(Saved entries)
*** Begin section ***

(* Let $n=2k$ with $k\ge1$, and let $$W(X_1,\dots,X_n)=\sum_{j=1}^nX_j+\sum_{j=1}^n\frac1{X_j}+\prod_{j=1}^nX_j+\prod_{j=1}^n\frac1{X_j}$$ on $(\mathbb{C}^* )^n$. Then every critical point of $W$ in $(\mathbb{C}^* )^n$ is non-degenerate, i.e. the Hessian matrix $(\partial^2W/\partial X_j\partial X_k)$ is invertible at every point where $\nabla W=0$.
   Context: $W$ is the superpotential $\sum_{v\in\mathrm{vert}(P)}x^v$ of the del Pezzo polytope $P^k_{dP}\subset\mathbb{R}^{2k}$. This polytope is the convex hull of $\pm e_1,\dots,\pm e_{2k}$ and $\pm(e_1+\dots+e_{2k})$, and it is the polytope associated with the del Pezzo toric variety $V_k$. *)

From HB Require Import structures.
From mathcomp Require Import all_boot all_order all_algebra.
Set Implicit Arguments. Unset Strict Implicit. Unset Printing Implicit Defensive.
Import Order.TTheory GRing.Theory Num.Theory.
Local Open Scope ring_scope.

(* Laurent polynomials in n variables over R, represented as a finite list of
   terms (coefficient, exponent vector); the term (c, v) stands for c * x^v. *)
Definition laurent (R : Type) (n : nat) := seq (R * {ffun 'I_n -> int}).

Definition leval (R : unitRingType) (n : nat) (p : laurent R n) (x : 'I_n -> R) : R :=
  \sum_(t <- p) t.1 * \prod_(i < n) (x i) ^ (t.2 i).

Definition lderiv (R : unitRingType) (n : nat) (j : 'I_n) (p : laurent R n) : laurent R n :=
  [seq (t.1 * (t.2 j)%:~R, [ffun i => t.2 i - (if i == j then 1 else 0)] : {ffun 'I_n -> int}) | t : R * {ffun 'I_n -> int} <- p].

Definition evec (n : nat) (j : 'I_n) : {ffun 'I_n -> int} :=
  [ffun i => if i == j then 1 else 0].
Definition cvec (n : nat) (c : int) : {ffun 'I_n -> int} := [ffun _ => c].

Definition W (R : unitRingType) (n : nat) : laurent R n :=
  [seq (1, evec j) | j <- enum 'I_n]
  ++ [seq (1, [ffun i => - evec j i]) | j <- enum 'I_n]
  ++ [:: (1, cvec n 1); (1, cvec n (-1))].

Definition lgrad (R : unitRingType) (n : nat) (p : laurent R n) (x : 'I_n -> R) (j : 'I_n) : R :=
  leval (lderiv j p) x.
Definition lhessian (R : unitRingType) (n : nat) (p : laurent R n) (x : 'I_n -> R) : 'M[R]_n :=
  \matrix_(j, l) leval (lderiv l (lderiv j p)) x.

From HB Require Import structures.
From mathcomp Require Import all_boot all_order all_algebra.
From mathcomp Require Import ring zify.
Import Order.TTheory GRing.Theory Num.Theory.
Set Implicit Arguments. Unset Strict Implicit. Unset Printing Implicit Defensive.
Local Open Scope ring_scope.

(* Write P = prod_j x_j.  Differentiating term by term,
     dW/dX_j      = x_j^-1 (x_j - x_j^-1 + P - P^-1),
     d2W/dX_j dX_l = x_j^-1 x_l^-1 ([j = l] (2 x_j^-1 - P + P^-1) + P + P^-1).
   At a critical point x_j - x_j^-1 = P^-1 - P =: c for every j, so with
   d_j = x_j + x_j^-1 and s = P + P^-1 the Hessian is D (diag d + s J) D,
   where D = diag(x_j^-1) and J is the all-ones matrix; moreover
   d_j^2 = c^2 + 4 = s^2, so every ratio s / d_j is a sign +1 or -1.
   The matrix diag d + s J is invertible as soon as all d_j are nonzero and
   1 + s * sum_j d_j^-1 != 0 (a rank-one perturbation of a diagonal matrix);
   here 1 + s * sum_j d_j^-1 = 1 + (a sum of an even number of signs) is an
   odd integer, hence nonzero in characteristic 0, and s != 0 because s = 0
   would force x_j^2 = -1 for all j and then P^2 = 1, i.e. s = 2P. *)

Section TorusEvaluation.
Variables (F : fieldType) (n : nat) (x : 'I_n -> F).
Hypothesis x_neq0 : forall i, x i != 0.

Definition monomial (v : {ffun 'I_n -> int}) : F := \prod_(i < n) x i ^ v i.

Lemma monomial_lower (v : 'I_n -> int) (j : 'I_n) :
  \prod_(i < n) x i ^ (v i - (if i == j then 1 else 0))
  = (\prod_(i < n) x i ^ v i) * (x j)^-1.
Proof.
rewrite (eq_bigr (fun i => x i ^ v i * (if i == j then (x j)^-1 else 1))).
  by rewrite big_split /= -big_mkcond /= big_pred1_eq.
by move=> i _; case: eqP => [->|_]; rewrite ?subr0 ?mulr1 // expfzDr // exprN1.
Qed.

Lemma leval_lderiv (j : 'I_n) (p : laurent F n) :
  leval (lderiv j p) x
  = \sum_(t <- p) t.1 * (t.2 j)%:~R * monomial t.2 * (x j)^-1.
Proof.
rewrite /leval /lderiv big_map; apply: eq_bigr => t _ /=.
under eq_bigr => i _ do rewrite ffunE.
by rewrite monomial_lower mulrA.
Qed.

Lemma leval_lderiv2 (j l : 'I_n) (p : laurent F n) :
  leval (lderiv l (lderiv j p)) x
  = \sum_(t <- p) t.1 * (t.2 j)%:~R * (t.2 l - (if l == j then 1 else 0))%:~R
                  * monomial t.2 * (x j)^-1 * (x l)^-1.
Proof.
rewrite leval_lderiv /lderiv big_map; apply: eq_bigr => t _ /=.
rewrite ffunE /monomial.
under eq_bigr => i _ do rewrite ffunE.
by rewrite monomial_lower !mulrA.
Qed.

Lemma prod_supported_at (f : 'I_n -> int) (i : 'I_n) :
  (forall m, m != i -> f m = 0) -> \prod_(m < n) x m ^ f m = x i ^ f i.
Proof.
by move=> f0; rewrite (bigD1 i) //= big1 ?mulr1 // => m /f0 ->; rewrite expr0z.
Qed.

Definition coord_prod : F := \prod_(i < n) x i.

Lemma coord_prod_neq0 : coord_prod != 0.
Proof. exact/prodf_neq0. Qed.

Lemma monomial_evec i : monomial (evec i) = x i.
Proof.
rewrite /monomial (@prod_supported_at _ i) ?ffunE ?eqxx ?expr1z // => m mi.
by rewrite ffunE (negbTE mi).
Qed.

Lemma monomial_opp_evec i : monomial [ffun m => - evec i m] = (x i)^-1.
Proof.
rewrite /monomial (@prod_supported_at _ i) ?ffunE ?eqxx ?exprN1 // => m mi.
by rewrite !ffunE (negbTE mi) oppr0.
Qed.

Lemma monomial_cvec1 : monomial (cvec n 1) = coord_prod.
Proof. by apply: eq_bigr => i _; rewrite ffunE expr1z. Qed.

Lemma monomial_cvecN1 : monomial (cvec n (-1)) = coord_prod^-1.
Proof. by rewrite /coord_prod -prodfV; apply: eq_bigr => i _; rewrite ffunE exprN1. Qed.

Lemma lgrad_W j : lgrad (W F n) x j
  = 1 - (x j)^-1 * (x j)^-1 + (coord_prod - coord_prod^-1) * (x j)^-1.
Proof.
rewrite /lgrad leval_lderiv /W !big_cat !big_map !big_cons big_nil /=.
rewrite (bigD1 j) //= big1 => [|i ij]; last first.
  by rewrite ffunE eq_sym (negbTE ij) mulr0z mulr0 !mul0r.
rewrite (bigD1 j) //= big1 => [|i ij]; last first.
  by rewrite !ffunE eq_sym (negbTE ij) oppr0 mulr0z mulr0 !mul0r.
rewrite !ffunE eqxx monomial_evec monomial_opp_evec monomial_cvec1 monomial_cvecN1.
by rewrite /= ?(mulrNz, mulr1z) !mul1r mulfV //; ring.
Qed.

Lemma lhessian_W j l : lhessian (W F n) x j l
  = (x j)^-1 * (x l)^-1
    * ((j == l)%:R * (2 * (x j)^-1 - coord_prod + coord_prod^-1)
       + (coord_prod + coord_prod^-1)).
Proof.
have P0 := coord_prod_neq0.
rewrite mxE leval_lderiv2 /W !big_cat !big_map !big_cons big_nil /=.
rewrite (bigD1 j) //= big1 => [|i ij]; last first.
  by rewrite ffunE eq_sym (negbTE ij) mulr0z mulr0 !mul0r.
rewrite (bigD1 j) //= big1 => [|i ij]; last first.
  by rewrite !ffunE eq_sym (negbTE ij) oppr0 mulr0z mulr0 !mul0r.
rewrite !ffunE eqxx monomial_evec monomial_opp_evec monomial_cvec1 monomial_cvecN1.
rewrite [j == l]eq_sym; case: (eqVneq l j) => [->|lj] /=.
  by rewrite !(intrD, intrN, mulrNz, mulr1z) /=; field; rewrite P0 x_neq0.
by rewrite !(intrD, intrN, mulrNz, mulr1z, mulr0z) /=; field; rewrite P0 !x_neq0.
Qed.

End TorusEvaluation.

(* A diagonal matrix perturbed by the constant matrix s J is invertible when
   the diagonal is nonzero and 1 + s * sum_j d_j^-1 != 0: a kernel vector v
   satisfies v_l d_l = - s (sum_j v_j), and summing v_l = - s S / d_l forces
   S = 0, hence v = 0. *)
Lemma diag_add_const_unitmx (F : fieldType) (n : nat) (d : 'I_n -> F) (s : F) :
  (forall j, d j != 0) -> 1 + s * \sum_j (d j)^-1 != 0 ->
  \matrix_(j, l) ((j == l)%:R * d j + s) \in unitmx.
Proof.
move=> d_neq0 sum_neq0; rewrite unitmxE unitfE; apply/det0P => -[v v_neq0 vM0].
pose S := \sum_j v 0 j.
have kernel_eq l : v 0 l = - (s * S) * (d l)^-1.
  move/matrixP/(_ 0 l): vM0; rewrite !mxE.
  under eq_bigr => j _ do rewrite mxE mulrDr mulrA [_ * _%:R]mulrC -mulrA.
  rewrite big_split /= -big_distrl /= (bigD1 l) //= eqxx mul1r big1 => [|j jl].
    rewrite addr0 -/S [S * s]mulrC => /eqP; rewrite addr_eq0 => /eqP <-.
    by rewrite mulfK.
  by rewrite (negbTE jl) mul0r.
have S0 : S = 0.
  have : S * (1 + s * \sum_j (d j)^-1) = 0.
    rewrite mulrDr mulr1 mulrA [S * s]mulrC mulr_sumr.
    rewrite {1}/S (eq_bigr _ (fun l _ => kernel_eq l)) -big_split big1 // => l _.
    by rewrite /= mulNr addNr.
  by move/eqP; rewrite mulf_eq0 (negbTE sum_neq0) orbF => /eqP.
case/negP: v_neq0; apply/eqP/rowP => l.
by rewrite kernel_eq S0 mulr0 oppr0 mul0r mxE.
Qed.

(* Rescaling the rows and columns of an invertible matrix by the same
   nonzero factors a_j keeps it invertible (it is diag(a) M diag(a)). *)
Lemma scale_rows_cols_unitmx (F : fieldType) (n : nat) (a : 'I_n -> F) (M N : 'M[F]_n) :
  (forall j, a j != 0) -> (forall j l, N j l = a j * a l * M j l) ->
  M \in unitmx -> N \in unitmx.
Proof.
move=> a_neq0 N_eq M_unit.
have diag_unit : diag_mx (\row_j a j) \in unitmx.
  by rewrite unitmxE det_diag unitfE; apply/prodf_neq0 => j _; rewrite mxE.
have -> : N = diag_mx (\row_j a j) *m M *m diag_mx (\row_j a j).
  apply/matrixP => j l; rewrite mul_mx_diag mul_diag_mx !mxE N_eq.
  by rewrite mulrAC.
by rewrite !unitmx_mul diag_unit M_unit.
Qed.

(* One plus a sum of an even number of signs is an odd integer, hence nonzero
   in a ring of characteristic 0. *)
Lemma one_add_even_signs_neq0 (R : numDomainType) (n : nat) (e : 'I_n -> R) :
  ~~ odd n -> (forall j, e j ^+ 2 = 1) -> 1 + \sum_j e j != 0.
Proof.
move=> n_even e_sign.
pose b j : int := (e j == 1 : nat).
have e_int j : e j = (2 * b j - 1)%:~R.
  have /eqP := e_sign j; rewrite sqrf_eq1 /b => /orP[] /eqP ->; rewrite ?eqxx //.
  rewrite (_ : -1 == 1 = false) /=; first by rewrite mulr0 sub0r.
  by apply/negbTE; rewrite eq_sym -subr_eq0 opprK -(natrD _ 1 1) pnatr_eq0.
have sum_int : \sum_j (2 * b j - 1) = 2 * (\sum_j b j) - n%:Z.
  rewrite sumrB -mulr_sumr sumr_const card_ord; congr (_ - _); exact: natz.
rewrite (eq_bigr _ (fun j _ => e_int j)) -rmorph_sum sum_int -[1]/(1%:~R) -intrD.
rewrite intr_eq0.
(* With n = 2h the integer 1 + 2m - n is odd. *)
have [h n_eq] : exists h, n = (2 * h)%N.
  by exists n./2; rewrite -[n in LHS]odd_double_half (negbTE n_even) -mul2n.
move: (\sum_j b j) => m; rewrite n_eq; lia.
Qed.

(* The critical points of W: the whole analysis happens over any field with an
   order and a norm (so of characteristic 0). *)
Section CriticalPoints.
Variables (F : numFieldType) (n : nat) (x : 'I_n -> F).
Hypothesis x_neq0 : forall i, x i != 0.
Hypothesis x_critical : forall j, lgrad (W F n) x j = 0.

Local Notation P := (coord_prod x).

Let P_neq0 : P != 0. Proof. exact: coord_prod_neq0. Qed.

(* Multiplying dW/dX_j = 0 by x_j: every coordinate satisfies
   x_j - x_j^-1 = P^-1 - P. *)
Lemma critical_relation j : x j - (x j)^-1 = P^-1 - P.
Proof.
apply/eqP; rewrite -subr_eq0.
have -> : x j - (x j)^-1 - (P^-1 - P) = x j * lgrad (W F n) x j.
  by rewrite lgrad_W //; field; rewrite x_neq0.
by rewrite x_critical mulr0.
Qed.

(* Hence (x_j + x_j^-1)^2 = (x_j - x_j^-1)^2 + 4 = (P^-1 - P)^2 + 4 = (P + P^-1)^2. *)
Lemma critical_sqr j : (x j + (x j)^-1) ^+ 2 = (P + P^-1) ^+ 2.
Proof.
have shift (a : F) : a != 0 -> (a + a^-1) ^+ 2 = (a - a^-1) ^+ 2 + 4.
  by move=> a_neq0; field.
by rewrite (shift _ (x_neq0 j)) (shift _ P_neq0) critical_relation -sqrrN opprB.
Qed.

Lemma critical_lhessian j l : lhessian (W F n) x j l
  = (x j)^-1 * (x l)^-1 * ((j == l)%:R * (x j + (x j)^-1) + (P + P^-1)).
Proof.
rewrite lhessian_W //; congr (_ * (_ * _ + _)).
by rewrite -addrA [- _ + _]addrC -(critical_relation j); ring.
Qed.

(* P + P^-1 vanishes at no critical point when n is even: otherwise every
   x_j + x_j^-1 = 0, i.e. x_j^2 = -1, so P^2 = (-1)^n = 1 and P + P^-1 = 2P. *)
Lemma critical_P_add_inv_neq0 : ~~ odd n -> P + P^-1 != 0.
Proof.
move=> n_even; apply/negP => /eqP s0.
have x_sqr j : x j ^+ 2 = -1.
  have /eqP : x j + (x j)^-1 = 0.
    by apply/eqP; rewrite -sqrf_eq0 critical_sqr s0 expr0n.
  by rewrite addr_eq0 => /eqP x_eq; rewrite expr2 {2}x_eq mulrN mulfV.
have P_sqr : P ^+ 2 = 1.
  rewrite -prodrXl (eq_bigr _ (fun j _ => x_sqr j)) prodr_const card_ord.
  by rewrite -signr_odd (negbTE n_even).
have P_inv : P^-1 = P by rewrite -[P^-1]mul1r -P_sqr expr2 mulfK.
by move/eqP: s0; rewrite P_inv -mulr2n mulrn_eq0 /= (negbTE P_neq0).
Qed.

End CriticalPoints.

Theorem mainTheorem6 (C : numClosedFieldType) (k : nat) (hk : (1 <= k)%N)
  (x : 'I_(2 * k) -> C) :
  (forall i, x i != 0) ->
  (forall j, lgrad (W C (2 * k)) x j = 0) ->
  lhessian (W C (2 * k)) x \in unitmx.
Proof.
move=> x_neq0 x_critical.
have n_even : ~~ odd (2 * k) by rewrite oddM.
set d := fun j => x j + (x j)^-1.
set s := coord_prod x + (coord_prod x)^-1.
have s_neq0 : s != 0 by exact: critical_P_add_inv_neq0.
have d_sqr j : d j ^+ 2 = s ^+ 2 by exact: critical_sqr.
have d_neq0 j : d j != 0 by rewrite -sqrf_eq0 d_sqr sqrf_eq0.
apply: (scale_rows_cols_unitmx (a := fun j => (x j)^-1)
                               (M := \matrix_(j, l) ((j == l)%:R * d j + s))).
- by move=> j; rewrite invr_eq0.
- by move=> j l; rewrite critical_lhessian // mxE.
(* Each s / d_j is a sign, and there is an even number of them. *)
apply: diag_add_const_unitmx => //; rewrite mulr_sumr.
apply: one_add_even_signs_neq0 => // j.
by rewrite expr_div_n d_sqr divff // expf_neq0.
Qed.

*** End section ***

Search the records for the string "negbTE", and copy every line that holds it.

### Written answer
by rewrite ffunE (negbTE mi).
by rewrite !ffunE (negbTE mi) oppr0.
  by rewrite ffunE eq_sym (negbTE ij) mulr0z mulr0 !mul0r.
  by rewrite !ffunE eq_sym (negbTE ij) oppr0 mulr0z mulr0 !mul0r.
  by rewrite ffunE eq_sym (negbTE ij) mulr0z mulr0 !mul0r.
  by rewrite !ffunE eq_sym (negbTE ij) oppr0 mulr0z mulr0 !mul0r.
  by rewrite (negbTE jl) mul0r.
  by move/eqP; rewrite mulf_eq0 (negbTE sum_neq0) orbF => /eqP.
  by apply/negbTE; rewrite eq_sym -subr_eq0 opprK -(natrD _ 1 1) pnatr_eq0.
  by exists n./2; rewrite -[n in LHS]odd_double_half (negbTE n_even) -mul2n.
  by rewrite -signr_odd (negbTE n_even).
by move/eqP: s0; rewrite P_inv -mulr2n mulrn_eq0 /= (negbTE P_neq0).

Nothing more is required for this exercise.